Jerónimo foi recebido na corte, como pajem do rei D. Sebastião, em 25 de março de 1577. Tudo indica que já tinha então a perspectiva de rapidamente seguir para o Oriente, embarcando pouco tempo depois para o Estado da Índia.
Azevedo foi capitão-mor da costa do Malabar durante aproximadamente 15 anos, até ser nomeado capitão-geral da conquista do Ceilão - atual Sri Lanka - no final do ano de 1594, cargo que iria ocupar por cerca de 18 anos, até novembro de 1612.

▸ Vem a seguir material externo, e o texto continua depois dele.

(* Apply the mean value theorem to
   psi(t) = h(u + t w) - t D(u).w - c/2 t^2 |w|^2, w = v - u, whose
   derivative is nonnegative on (0,1) by strong monotonicity. *)
Lemma breg_lower_bound u v : breg h D u v >= c / 2 * nrm2F (subF v u).
Proof.
rewrite /breg; set w := subF v u.
set z := fun t j => u j + t * w j.
set l0 := dotF (D u) w; set n2 := nrm2F w.
set psi := fun t => h (z t) - (t * l0 + c / 2 * (t * t) * n2).
set psi' := fun t => dotF (D (z t)) w - (l0 + c * t * n2).
have quad_deriv t :
    derivable_pt_lim (fun t => t * l0 + c / 2 * (t * t) * n2) t (l0 + c * t * n2).
  have -> : (fun t => t * l0 + c / 2 * (t * t) * n2) =
            (mult_real_fct l0 id + mult_real_fct (c / 2 * n2) (id * id))%F.
    by apply: functional_extensionality => s;
       rewrite /mult_real_fct /plus_fct /mult_fct /id; ring.
  have := derivable_pt_lim_plus _ _ t _ _
    (derivable_pt_lim_scal _ l0 t _ (derivable_pt_lim_id t))
    (derivable_pt_lim_scal _ (c / 2 * n2) t _
       (derivable_pt_lim_mult _ _ t _ _ (derivable_pt_lim_id t) (derivable_pt_lim_id t))).
  by rewrite /id; have -> : l0 * 1 + c / 2 * n2 * (1 * t + t * 1) = l0 + c * t * n2 by field.
have psi_deriv t : derivable_pt_lim psi t (psi' t).
  by have := derivable_pt_lim_minus _ _ t _ _ (line_deriv u w t) (quad_deriv t).
have [xi [psi_mvt xi_in]] := MVT_cor2 psi psi' 0 1 Rlt_0_1 (fun t _ => psi_deriv t).
have psi'_ge0 : psi' xi >= 0.
  have := D_mono (z xi) u.
  have -> : subF (z xi) u = fun j => xi * w j.
    by apply: functional_extensionality => j; rewrite /subF /z; ring.
  rewrite dotF_scall nrm2F_scal dotF_subr -/n2 => mono.
  have : dotF w (D (z xi)) - dotF w (D u) >= c * xi * n2.
    by apply: Rle_ge; apply: (Rmult_le_reg_l xi); [lra | nra].
  by rewrite /psi' /l0 (dotF_comm (D (z xi))) (dotF_comm (D u)); lra.
have z1 : z 1 = v by apply: functional_extensionality => j; rewrite /z /w /subF; ring.
have z0 : z 0 = u by apply: functional_extensionality => j; rewrite /z; ring.
have : psi 1 - psi 0 >= 0 by rewrite psi_mvt; nra.
by rewrite /psi z1 z0; lra.
Qed.
End BregmanBound.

Anos antes, em 1580, o Rei de Kotte, Dharmapala, convertido ao cristianismo, tinha deixado todo o seu Reino como legado ao Rei de Portugal, decisão que provocara forte resistência nos habitantes budistas deste reino, assim como no vizinho reino budista de Kandy.
Azevedo chegou a Colombo com um reforço de tropas no dia 24 de dezembro de 1594, após a derrota do seu antecessor Pedro Lopes de Sousa na batalha de Dantire, evitando o desastre da posição portuguesa na ilha.
No dia 1 de janeiro de 1595, Azevedo fez uma parada militar das forças armadas à sua disposição, com o rei Dharmapala a seu lado, na qual reuniu perto de 900 soldados portugueses e 2.000 soldados Lascarins, nativos apoiantes do domínio português.
Além das sucessivas vitoriosas campanhas militares, o governo de D. Jerónimo de Azevedo foi também marcado por importantes iniciativas políticas, nomeadamente a Convenção de Malvana, em 1598, em que Azevedo deliberou que os habitantes nativos de Kotte poderiam preservar as suas leis e costumes, obtendo assim o apoio de uma grande parte dos representantes locais.
Azevedo atribiu ainda grande importância à atividade missionária, abrindo o Ceilão português aos padres da Companhia de Jesus, que lá terão chegado pela primeira vez em 1602.
Azevedo foi nomeado Vice-Rei da Índia em 1611, tendo rumado a Goa em 1612.
Durante o seu governo, Azevedo foi confrontado com o desafio da expansão holandesa em áreas onde a Coroa portuguesa tinha exercido o seu monopólio comercial, defendendo sempre as praças militares e as posições portuguesas ameaçadas pelo avanço holandês no oceano Índico. Ordenou ainda diversas missões de exploração geográfica, nomeadamente duas expedições a Madagáscar. Essas explorações, onde figuraram padres jesuítas, produziram novos mapas e roteiros da região e compilaram cuidadosamente observações científicas de grande importância.
D. Jerónimo de Azevedo faleceu em 9 de março de 1625, já em Lisboa, no Castelo de S. Jorge, tendo sido sepultado na Igreja de São Roque, deixando para trás um legado de décadas a serviço da Pátria.
O Forte de São Jerónimo, em Damão, recebeu este nome em sua homenagem.